Business Daily’s June 21 piece points to South Africa’s April 2025 reform as the model the GSMA wants copied, suggesting the industry is trying to turn Kenya’s parliamentary retreat into a continent-wide precedent for tax-free entry-level smartphones. On June 21, Business Daily reported the next-stage pressure campaign from telcos for governments to scrap taxes specifically on smartphones below Sh13,000.

Kenya’s fiercest new fight over phone taxes is no longer about whether to kill the proposed 25 percent handset levy, but whether the government should go further and fully exempt sub-Sh13,000 smartphones after Parliament already moved to block Treasury’s broader plan. In Business Daily’s June 18 reporting, lawmakers on the National Assembly’s Departmental Committee on Finance and National Planning rejected Treasury’s plan to raise excise duty on mobile phones from 10 percent to 25 percent and to move the tax point from importation to handset activation.

The Kenyan government, under Cabinet Secretary John Mbadi, has chosen to protect local assembly by maintaining the 25% customs duty on finished handsets, rather than fully liberalizing imports. Quick Summary: Telcos push for tax scrap for phones below Sh13,000 – Business Daily On June 18, MPs rejected a Treasury plan to raise excise duty on phones, citing affordability concerns.

The GSMA’s Mobile Economy Africa 2026 report highlights that taxes on basic smartphones raise the price floor for first-time buyers, impacting the poorest consumers. On June 18, Business Daily reported MPs had formally rejected the Treasury plan, saying it would hurt affordability and complicate tax administration.

South Africa’s April 2025 reform serves as the model for the GSMA’s tax-free smartphone initiative. The battle isn’t just about scrapping a proposed 25% handset levy, but whether to fully exempt smartphones priced below Sh13,000.

On June 21, Business Daily reported the next-stage pressure campaign from telcos for governments to scrap taxes specifically on smartphones below Sh13,000. Kenya’s fiercest new fight over phone taxes is no longer about whether to kill the proposed 25 percent handset levy, but whether the government should go further and fully exempt sub-Sh13,000 smartphones after Parliament already moved to block Treasury’s broader plan.

The scale and speed of this development has caught many observers off guard. Each new update adds another dimension to a story that is still unfolding, and the full picture will only become clear as more verified details emerge from the people and institutions directly involved.

Analysts who have tracked this issue closely say the current moment represents a genuine turning point.
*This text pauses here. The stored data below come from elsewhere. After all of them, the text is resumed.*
(* Let $v_1,\dots,v_m\in\mathbb{C}^d$ with $m$ even, $\sum_{i=1}^m v_iv_i^*=\mathbb{I}$, $\|v_i\|^2=\alpha$ for all $i$, and $\alpha\le\frac{1}{221d}$. Run Algorithm 1 (described in the context) and fix an iteration $0\le j<m/2$. Suppose that for every $0\le j'\le j$ we have $u_{j'}-\lambda_{\max}(A_{j'})\ge 1/3$ and $\kappa(u_{j'}\mathbb{I}-A_{j'})\le 3/2$. Write $A=A_j$, $\mathcal{B}=\mathcal{B}_j$, $\widehat u=u_{j+1}$. Then \[ \sum_{v\in\mathcal{B}}\log\Big(1-v^*(\widehat u\mathbb{I}-A)^{-1}v\Big)\ge\frac1\alpha\cdot\mathrm{tr}\Big[(\mathbb{I}-A)\cdot\log\big(\mathbb{I}-\alpha(\widehat u\mathbb{I}-A)^{-1}\big)\Big]. \]
   Context: $\log$ of a positive definite matrix denotes the matrix logarithm. Algorithm 1: set $A_0=\mathbf{0}_{d\times d}$, $\mathcal{A}_0=\emptyset$, $\mathcal{B}_0=\{v_1,\dots,v_m\}$, $u_0=1/2$, $\delta_u=\alpha/d$. For $j=0,\dots,m/2-1$: set $u_{j+1}=u_j+\delta_u$; choose $v_j\in\mathcal{B}_j$ maximising $\det(u_{j+1}\mathbb{I}-A_j-vv^* )$ over $v\in\mathcal{B}_j$ (ties arbitrary); set $A_{j+1}=A_j+v_jv_j^*$, $\mathcal{A}_{j+1}=\mathcal{A}_j\cup\{v_j\}$, $\mathcal{B}_{j+1}=\mathcal{B}_j\setminus\{v_j\}$. $\kappa(B)=\lambda_{\max}(B)/\lambda_{\min}(B)$ for Hermitian positive definite $B$. *)

From HB Require Import structures.
From mathcomp Require Import all_boot all_order all_algebra.
From mathcomp Require Import sesquilinear spectral.
From mathcomp Require Import complex.
From mathcomp Require Import reals exp.
Set Implicit Arguments.
Unset Strict Implicit.
Unset Printing Implicit Defensive.
Import Order.TTheory GRing.Theory Num.Theory.
Local Open Scope ring_scope.
Local Open Scope complex_scope.

Section Defs.
Variable R : realType.
Local Notation C := R[i].

Definition adj {m n} (M : 'M[C]_(m, n)) : 'M[C]_(n, m) := map_mx (@Num.conj C) (M ^T).

(* real parts of the eigenvalues of a (Hermitian) matrix, via the spectral
   decomposition B = P^-1 diag(sp) P of mathcomp's spectral.v *)
Definition eigs {n} (B : 'M[C]_n) : seq R :=
  [seq complex.Re (spectral_diag B 0 i) | i <- enum 'I_n].

Definition lambda_max {n} (B : 'M[C]_n) : R :=
  foldr Num.max (head 0 (eigs B)) (eigs B).
Definition lambda_min {n} (B : 'M[C]_n) : R :=
  foldr Num.min (head 0 (eigs B)) (eigs B).

Definition kappa {n} (B : 'M[C]_n) : R := lambda_max B / lambda_min B.

(* matrix logarithm of a Hermitian positive definite matrix, by
   functional calculus on the spectral decomposition *)
Definition logm {n} (B : 'M[C]_n) : 'M[C]_n :=
  invmx (spectralmx B)
  *m diag_mx (\row_i (ln (complex.Re (spectral_diag B 0 i)))%:C)
  *m spectralmx B.

(* ---- Algorithm 1 ----
   A run is described by the sequence sel of chosen indices (v_{sel j} is the
   vector chosen at iteration j). *)
Definition u_ (alpha : R) (d j : nat) : R := 1/2 + j%:R * (alpha / d%:R).

Definition Aj {d m} (v : 'I_m -> 'cV[C]_d) (sel : nat -> 'I_m) (j : nat)
  : 'M[C]_d := \sum_(k < j) (v (sel k) *m adj (v (sel k))).

Definition Bj {m} (sel : nat -> 'I_m) (j : nat) : {set 'I_m} :=
  [set i | [forall k : 'I_j, sel k != i]].

(* sel is a valid run of Algorithm 1 (ties broken arbitrarily) *)
Definition alg1_run {d m} (alpha : R) (v : 'I_m -> 'cV[C]_d)
  (sel : nat -> 'I_m) : Prop :=
  forall j, (j < m./2)%N ->
    sel j \in Bj sel j /\
    forall i, i \in Bj sel j ->
      \det ((u_ alpha d j.+1)%:C%:M - Aj v sel j - v i *m adj (v i))
      <= \det ((u_ alpha d j.+1)%:C%:M - Aj v sel j - v (sel j) *m adj (v (sel j))).

End Defs.

(* Since the unselected vectors satisfy sum_(v in B_j) v v^* = I - A_j, the trace
   on the right splits as a sum over v in B_j of v^* log(X) v, where
   X = I - alpha (u I - A)^-1.  In an eigenbasis of X, v^* log(X) v is a weighted
   sum of the logarithms of the eigenvalues of X with weights |<e_k, v>|^2 of total
   mass |v|^2 = alpha, so concavity of ln bounds it by alpha ln(v^* X v / alpha),
   which is alpha ln(1 - v^* (u I - A)^-1 v).  The spectral gap
   u - lambda_max(A) >= 1/3 > alpha keeps X positive definite. *)

From mathcomp Require Import all_boot all_order all_algebra.
From mathcomp Require Import sesquilinear spectral.
From mathcomp Require Import complex.
From mathcomp Require Import reals exp.
From mathcomp Require Import lra.
Set Implicit Arguments.
Unset Strict Implicit.
Unset Printing Implicit Defensive.
Import Order.TTheory GRing.Theory Num.Theory.
Local Open Scope ring_scope.
Local Open Scope complex_scope.

Section Adjoint.
Context {R : realType}.
Local Notation C := R[i].

Lemma adjM m n p (A : 'M[C]_(m, n)) (B : 'M[C]_(n, p)) :
  adj (A *m B) = adj B *m adj A.
Proof. by rewrite /adj trmx_mul map_mxM. Qed.

Lemma adjK m n (A : 'M[C]_(m, n)) : adj (adj A) = A.
Proof. exact: trmxCK. Qed.

Lemma adj_sum m n I (r : seq I) (P : pred I) (F : I -> 'M[C]_(m, n)) :
  adj (\sum_(i <- r | P i) F i) = \sum_(i <- r | P i) adj (F i).
Proof. by rewrite /adj raddf_sum /= raddf_sum. Qed.
(* Let $u\in k_F^\times$. The element $\varphi_{\epsilon^{-1}u}(1+\varphi_{\epsilon^{-1}u})\in\mathrm{GL}_{2n+1}(E)$ is strongly $\theta$-regular $\theta$-semisimple, the element $-N(1+\varphi_{\epsilon^{-1}u})\in\mathrm{U}_{E/F}(2n+1)(F)$ is strongly regular semisimple, and $-N(1+\varphi_{\epsilon^{-1}u})$ is a norm of $\varphi_{\epsilon^{-1}u}(1+\varphi_{\epsilon^{-1}u})$.
   Context: $p$ odd, $F$ a $p$-adic field, $E/F$ unramified quadratic with conjugation $c$, $\varpi$ a uniformizer of $F$, $k_E,k_F$ residue fields; $\epsilon\in k_E^\times$ fixed with $\epsilon^2$ a non-square in $k_F^\times$; elements of $k_E$ are identified with their Teichmüller lifts. For $a\in k_E^\times$, $\varphi_a=\begin{pmatrix}0&I_{2n}\\\varpi a&0\end{pmatrix}\in\mathrm{GL}_{2n+1}(E)$. $J\in\mathrm{GL}_{2n+1}(E)$ antidiagonal with $J_{i,2n+2-i}=(-1)^{i-1}$, $\theta(g)=J\,{}^tc(g)^{-1}J^{-1}$, $N(g)=g\theta(g)$, $\mathrm{U}_{E/F}(2n+1)(F)=\{g\in\mathrm{GL}_{2n+1}(E)\mid{}^tc(g)Jg=J\}$. Strong ($\theta$-)regularity and $\theta$-semisimplicity are in the sense of Kottwitz–Shelstad. Norm: $h$ is a norm of $g$ if they correspond under the Kottwitz–Shelstad map from semisimple conjugacy classes of $\mathrm{U}_{E/F}(2n+1)(\bar F)\cong\mathrm{GL}_{2n+1}(\bar F)$ to $\theta$-semisimple $\theta$-conjugacy classes of $\mathrm{GL}_{2n+1}(\bar F)^2$, given on diagonal tori by $\mathrm{diag}(t_1/s_{2n+1},\ldots,t_{2n+1}/s_1)\leftrightarrow(\mathrm{diag}(t_i),\mathrm{diag}(s_i))$. *)

From HB Require Import structures.
From mathcomp Require Import all_boot all_order all_algebra.
Set Implicit Arguments. Unset Strict Implicit. Unset Printing Implicit Defensive.
Import Order.TTheory GRing.Theory Num.Theory.
Local Open Scope ring_scope.

(* Discrete valuations on a field E (the value of v at 0 is irrelevant) *)

Definition vge (E : fieldType) (v : E -> int) (k : int) (x : E) : bool :=
  (x == 0) || (k <= v x).
Definition in_O (E : fieldType) (v : E -> int) (x : E) : bool := vge v 0 x.
Definition in_m (E : fieldType) (v : E -> int) (x : E) : bool := vge v 1 x.

Definition discrete_valuation (E : fieldType) (v : E -> int) : Prop :=
  [/\ forall x y : E, x != 0 -> y != 0 -> v (x * y) = v x + v y,
      forall (k : int) (x y : E), vge v k x -> vge v k y -> vge v k (x + y)
    & exists x : E, x != 0 /\ v x = 1].
(* Let $r:\mathbb X\to[0,1)$ and $\alpha=\frac{r}{1-r}:\mathbb X\to[0,\infty)$. Suppose that, for all $x\in\mathbb X$, \[ |z(x)|\prod_{\substack{X\Subset\mathbb X:\\ x\in X}}\max\Big\{|W(X)|,\ 1+|W(X)-1|\,\alpha^S \ \Big|\ \varnothing\neq S\subset X\setminus\{x\}\Big\}\le r(x). \] Then for every $\Lambda\Subset\mathbb X$ one has $Z(\Lambda)\neq 0$, and $\sup_{\Lambda\Subset\mathbb X\setminus\{x\}}|\widehat z(x,\Lambda)|\le r(x)<1$ for all $x\in\mathbb X$. Moreover, for all $\Lambda\Subset\mathbb X$, \[ 0<(1-r)^\Lambda\le|Z(\Lambda)|\le(1+r)^\Lambda . \]
   Context: $\mathbb X$ is a finite or countably infinite set; $X\Subset\mathbb X$ means $X$ is a finite subset of $\mathbb X$, and $\mathbf F$ denotes the set of finite subsets of $\mathbb X$. Fix an activity $z:\mathbb X\to\mathbb C$ and an interaction $W:\mathbf F\to\mathbb C$; write $W(x)=W(\{x\})$. For a function $f$ on $\mathbb X$ and $X\Subset\mathbb X$ write $f^X=\prod_{x\in X}f(x)$ (empty products equal $1$); e.g. $(1-r)^\Lambda=\prod_{x\in\Lambda}(1-r(x))$. The Boltzmann factor is $\kappa(X)=\prod_{S\subset X,\,S\neq\varnothing}W(S)$. For $\Lambda\Subset\mathbb X$ the partition function is $Z(\Lambda)=\sum_{X\subset\Lambda}z^X\kappa(X)$; for $x\in\mathbb X\setminus\Lambda$ the pinned partition function is $Z(x,\Lambda)=\sum_{Y\subset\Lambda}z^{\{x\}\cup Y}\kappa(\{x\}\cup Y)$ and, when $Z(\Lambda)\neq0$, the effective activity is $\widehat z(x,\Lambda)=Z(x,\Lambda)/Z(\Lambda)$. In the displayed maximum, the max is taken over $|W(X)|$ together with all numbers $1+|W(X)-1|\alpha^S$ for nonempty $S\subset X\setminus\{x\}$ (so for $X=\{x\}$ the factor is $|W(x)|$). The product over all finite $X\ni x$ is a product of nonnegative numbers, understood in $[0,\infty]$. *)

From HB Require Import structures.
From mathcomp Require Import all_boot all_order all_algebra.
From mathcomp Require Import finmap.
From mathcomp.real_closed Require Import complex.
From mathcomp Require Import reals.
Set Implicit Arguments. Unset Strict Implicit. Unset Printing Implicit Defensive.
Import Order.TTheory GRing.Theory Num.Theory.
Local Open Scope ring_scope.


Section Defs.
Variables (R : realType) (T : countType).
Variables (z : T -> R[i]) (W : {fset T} -> R[i]).

Definition fprod (f : T -> R[i]) (X : {fset T}) : R[i] := \prod_(x <- X) f x.
Definition fprodR (f : T -> R) (X : {fset T}) : R := \prod_(x <- X) f x.

Definition kappa (X : {fset T}) : R[i] :=
  \prod_(S <- fpowerset X | S != fset0%fset) W S.

Definition Zpart (L : {fset T}) : R[i] :=
  \sum_(X <- fpowerset L) fprod z X * kappa X.

Definition Zpin (x : T) (L : {fset T}) : R[i] :=
  \sum_(Y <- fpowerset L) fprod z (x |` Y)%fset * kappa (x |` Y)%fset.

Definition zhat (x : T) (L : {fset T}) : R[i] := Zpin x L / Zpart L.

Definition wfactor (alpha : T -> R) (x : T) (X : {fset T}) : R :=
  \big[Num.max/Normc.normc (W X)]_(S <- fpowerset (X `\ x)%fset | S != fset0%fset)
     (1 + Normc.normc (W X - 1) * fprodR alpha S).

End Defs.

From Pilot Require Import Defs.
From HB Require Import structures.
From mathcomp Require Import all_boot all_order all_algebra.
From mathcomp Require Import finmap.
From mathcomp.real_closed Require Import complex.
From mathcomp Require Import reals.
From mathcomp Require Import ring lra.
Import Order.TTheory GRing.Theory Num.Theory.
Set Implicit Arguments. Unset Strict Implicit. Unset Printing Implicit Defensive.
Local Open Scope fset_scope.
Local Open Scope ring_scope.

(* Write Z(V, L) for the sum over Y ⊆ L of z^(V ∪ Y) κ(V ∪ Y), so that Z(Λ) = Z(∅, Λ)
   and Z(x, Λ) = Z({x}, Λ).  The heart of the proof is the ratio bound
   |Z({x} ∪ V, L)| <= r(x) |Z(V, L)|, proved by induction on |L| simultaneously for
   all interactions W.  Pinning x factors out z(x) W({x}) and replaces W(S) by
   W(S) W({x} ∪ S) for every nonempty S ⊆ V ∪ L.  Multiplying W at a single S by c
   changes Z(V, L) by (c - 1) Z(V ∪ (S ∩ L), L \ S), and moving the points of
   U = S ∩ L into the pinned set one at a time costs a factor α each (the ratio
   bound for L \ u and Z(V, L) = Z(V, L \ u) + Z({u} ∪ V, L \ u) give r/(1 - r)).
   So every change costs at most max{|c|, 1 + |c - 1| α^U}, and the product of these
   costs is exactly what the hypothesis controls; it survives pinning because these
   factors are submultiplicative.  Finally Z({u} ∪ Λ) = Z(Λ) + Z(u, Λ) yields the
   bounds (1 - r)^Λ <= |Z(Λ)| <= (1 + r)^Λ by induction on Λ. *)

Section NormcTheory.
Variable R : rcfType.
Local Notation nc := (@Normc.normc R).

Lemma normc_ge0 (x : R[i]) : 0 <= nc x.
Proof. by case: x => a b; rewrite /Normc.normc sqrtr_ge0. Qed.

Lemma lerB_normcD (x y : R[i]) : nc x - nc y <= nc (x + y).
Proof.
rewrite lerBlDr; have := le_normcD (x + y) (- y).
by rewrite addrK normcN.
Qed.

End NormcTheory.

Section FpowersetBig.
Variables (T : choiceType) (M : Type) (idx : M) (op : Monoid.com_law idx).

Lemma big_fpowerset_supset (U L : {fset T}) (F : {fset T} -> M) : U `<=` L ->
  \big[op/idx]_(Y <- fpowerset L | U `<=` Y) F Y =
  \big[op/idx]_(Y <- fpowerset (L `\` U)) F (U `|` Y).
Proof.
move=> UL; rewrite big_fset_condE.
have -> : [fset Y in fpowerset L | U `<=` Y] =
          [fset U `|` Y | Y in fpowerset (L `\` U)].
  apply/fsetP => Y; apply/idP/idP => [|/imfsetP[Y' /=]].
    rewrite !inE /= fpowersetE => /andP[YL UY]; apply/imfsetP.
    exists (Y `\` U); first by rewrite /= fpowersetE fsetSD.
    by rewrite fsetUDl fsetDv fsetD0; apply/esym/fsetUidPr.
  rewrite fpowersetE => Y'L ->; rewrite !inE /= fpowersetE fsubsetUl andbT.
  by rewrite fsubUset UL (fsubset_trans Y'L) ?fsubsetDl.
have UYK Y : Y `<=` L `\` U -> (U `|` Y) `\` U = Y.
  by case/fsubsetDP => _ /fsetDidPl YU; rewrite fsetDUl fsetDv fset0U.
rewrite big_imfset //= => Y1 Y2; rewrite !fpowersetE => /UYK e1 /UYK e2 e.
by rewrite -e1 -e2 e.
Qed.

Lemma big_fpowersetU1 (x : T) (A : {fset T}) (F : {fset T} -> M) : x \notin A ->
  \big[op/idx]_(S <- fpowerset (x |` A)) F S =
  op (\big[op/idx]_(S <- fpowerset A) F S) (\big[op/idx]_(S <- fpowerset A) F (x |` S)).
Proof.
move=> xA; rewrite (big_fsetID _ (fun S : {fset T} => [fset x] `<=` S)) /= Monoid.mulmC.
congr (op _ _); last first.
  by rewrite -big_fset_condE big_fpowerset_supset ?fsub1set ?fset1U1 ?fsetU1K.
by apply: eq_fbigl => S; rewrite !inE /= !fpowersetE fsub1set -fsubsetD1 fsetU1K.
Qed.

Lemma big_fpowersetD1 (x : T) (L : {fset T}) (F : {fset T} -> M) : x \in L ->
  \big[op/idx]_(S <- fpowerset L) F S =
  op (\big[op/idx]_(S <- fpowerset (L `\ x)) F S)
     (\big[op/idx]_(S <- fpowerset (L `\ x)) F (x |` S)).
Proof. by move=> xL; rewrite -big_fpowersetU1 ?fsetD1K // !inE eqxx. Qed.

Lemma big_fsetU_imfset1U (x : T) (F : {fset {fset T}}) (f : {fset T} -> M) :
  (forall X, X \in F -> x \notin X) ->
  \big[op/idx]_(X <- F `|` [fset x |` X | X in F]) f X =
  \big[op/idx]_(X <- F) op (f X) (f (x |` X)).
Proof.
move=> xF; rewrite big_split (big_fsetID _ (fun X : {fset T} => x \in X)) /= Monoid.mulmC.
congr (op _ _).
  apply: eq_fbigl => X; rewrite !inE /=.
  apply/andP/idP => [[/orP[//|/imfsetP[Y /= _ ->]]]|XF]; last by rewrite XF xF.
  by rewrite fset1U1.
transitivity (\big[op/idx]_(X <- [fset x |` X | X in F]) f X).
  apply: eq_fbigl => X; rewrite !inE /=.
  apply/andP/idP => [[/orP[/xF/negP//|//]]|XF].
  by split; [rewrite XF orbT | case/imfsetP: XF => Y _ ->; rewrite fset1U1].
rewrite big_imfset //= => X Y /xF xX /xF xY /(congr1 (fun A => A `\ x)).
by rewrite !fsetU1K.
Qed.
End FpowersetBig.
(* In the blowup/base-change setting below, fix $p\in\{0,\dots,P-1\}$. Write $\Delta'=\sum_{m=1}^Nc_mM_m$ with $c_m\in\mathbb C^*$ and distinct monomials $M_m=t^{\tau_m}\big(\prod_{q=0}^Pe_q^{\epsilon_{q,m}}\big)s^{\sigma_m}$. Define $\epsilon_p^{(0)}:=\min\{\epsilon_{p,m}:\epsilon_{p+1,m}=0\}$ and $\epsilon_p^{(1)}:=\min\{\epsilon_{p+1,m}:\epsilon_{p,m}=0\}$, and for a positive integer $k$ define on $[0,k]$ the linear functions $\bar{\mathfrak L}_m(r):=(k-r)\epsilon_{p,m}+r\,\epsilon_{p+1,m}$ and $\bar{\mathfrak M}(r):=\min_{1\le m\le N}\bar{\mathfrak L}_m(r)$; let $\mathfrak M$ denote $\bar{\mathfrak M}$ for $k=1$, a function on $[0,1]$. (1) If there are special fibers at $B^{p,p+1}$, then $\epsilon_p^{(0)}>0$ and $\epsilon_p^{(1)}>0$. (2) $\bar n_{kp+r}=(k-r)n_p+r\,n_{p+1}+\bar{\mathfrak M}(r)$ for $r=0,1,\dots,k$. (3) $\bar{\mathfrak M}$ is piecewise linear and concave, $\bar{\mathfrak M}(kr)=k\,\mathfrak M(r)$ for $r\in[0,1]$, and $\mathfrak M(0)=\mathfrak M(1)=0$. The points $0<\mathcal R_1<\dots<\mathcal R_{\mathcal N-1}<1$ at which $\mathfrak M$ is not locally linear are rational numbers. (4) There are no special fibers at $\bar B^{\bar p,\bar p+1}$ for all $\bar p=kp,\dots,k(p+1)-1$ if and only if $k\mathcal R_\iota\in\mathbb Z$ for all $\iota=1,\dots,\mathcal N-1$, i.e. if and only if $k$ is a multiple of $k_0^{(p)}$, the smallest positive integer with this property (equal to the least common multiple of the denominators of the $\mathcal R_\iota$ in lowest terms).
   Context: Blowup setting. Let $f=f(s,t;u)$, $g=g(s,t;u)$ be complex polynomials, homogeneous in $(s,t)$ of degrees $8$ and $12$, defining a family of Weierstrass models $y^2=x^3+fxz^4+gz^6$ over $\mathbb P^1_{[s:t]}$ with parameter $u$; $\Delta:=4f^3+27g^2$. Let $a,b$ be the vanishing orders in $s$ at $s=0$ of $f,g$ for generic $u\ne0$ (not both $a\ge4$, $b\ge6$), and write $f=s^a\sum_i\mathcal F_i\,s^it^{8-a-i}$, $g=s^b\sum_j\mathcal G_j\,s^jt^{12-b-j}$. Assume the 3-fold vanishing orders of $(f,g,\Delta)$ at $(u,s)=(0,0)$ (largest $N$ with the function in $(u,s)^N$, $t=1$) are $(4+\alpha,6+\beta,12+\gamma)$ with $\alpha=0$ or $\beta=0$, and that this persists under all base changes $u\mapsto u^\ell$ (Classes 1–4). Blowup chain: $e_0:=u$; the $p$-th blowup substitutes $e_{p-1}\mapsto e_{p-1}e_p$, $s\mapsto se_p$ and divides $f,g,\Delta$ by $e_p^4,e_p^6,e_p^{12}$; $\mu_{q,i}$, $\nu_{q,j}$ are the vanishing orders in $e_q$ of the coefficients $\mathcal F_i(e_0,\dots)$, $\mathcal G_j(e_0,\dots)$; $P$ is the first number of blowups for which some $i<4-a$ with $\mathcal F_i\neq0$ has $\mu_{P,i}<4-a-i$ or some $j<6-b$ with $\mathcal G_j\ne0$ has $\nu_{P,j}<6-b-j$. Standing assumption: there is such an $i$ with $\mu_{P,i}=0$ or such a $j$ with $\nu_{P,j}=0$ (achievable by a preliminary base change). Base components $B^p=\{e_p=0\}$ form a chain, $B^{p,p+1}=\{e_p=e_{p+1}=0\}$. $n_p$ is the largest power of $e_p$ dividing $\Delta$ and $\Delta=\prod_qe_q^{n_q}\Delta'$. There is a special fiber at $B^{p,p+1}$ iff $\Delta'$ vanishes there, i.e. every monomial of $\Delta'$ is divisible by $e_p$ or $e_{p+1}$. Base change: for a positive integer $k$, the barred configuration $\bar{\mathcal Y}$ is obtained by substituting $u\mapsto u^k$ in $f,g$ and then performing the blowup chain, which now consists of $\bar P=kP$ blowups with coordinates $\bar e_0,\dots,\bar e_{\bar P}$; $\bar B^{\bar p}$, $\bar B^{\bar p,\bar p+1}$, $\bar n_{\bar p}$, $\bar\Delta'$ are defined analogously. *)

From HB Require Import structures.
From mathcomp Require Import all_boot all_order all_algebra.
From mathcomp Require Import mpoly.
From mathcomp Require Import Rstruct.
From mathcomp.real_closed Require Import complex.

Set Implicit Arguments.
Unset Strict Implicit.
Unset Printing Implicit Defensive.

Import Order.TTheory GRing.Theory Num.Theory.
Local Open Scope ring_scope.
The decisions made in the coming weeks are expected to set the direction for months ahead, with ripple effects likely to extend well beyond the immediate actors in the story.

For those directly affected, the practical impact is already visible. People navigating this fast-changing situation are dealing with real consequences while new information continues to reshape what is known and what remains open to interpretation.

Historical parallels offer some context, though experts caution against drawing too close a comparison. Similar situations have played out before, but the specific combination of pressures, personalities, and timing here makes this moment distinct in ways that matter for how it ultimately resolves.

The political and economic dimensions of this story are deeply intertwined. What appears as a single event on the surface is in practice the convergence of multiple pressures that have been building quietly over a longer period than most public reporting has captured.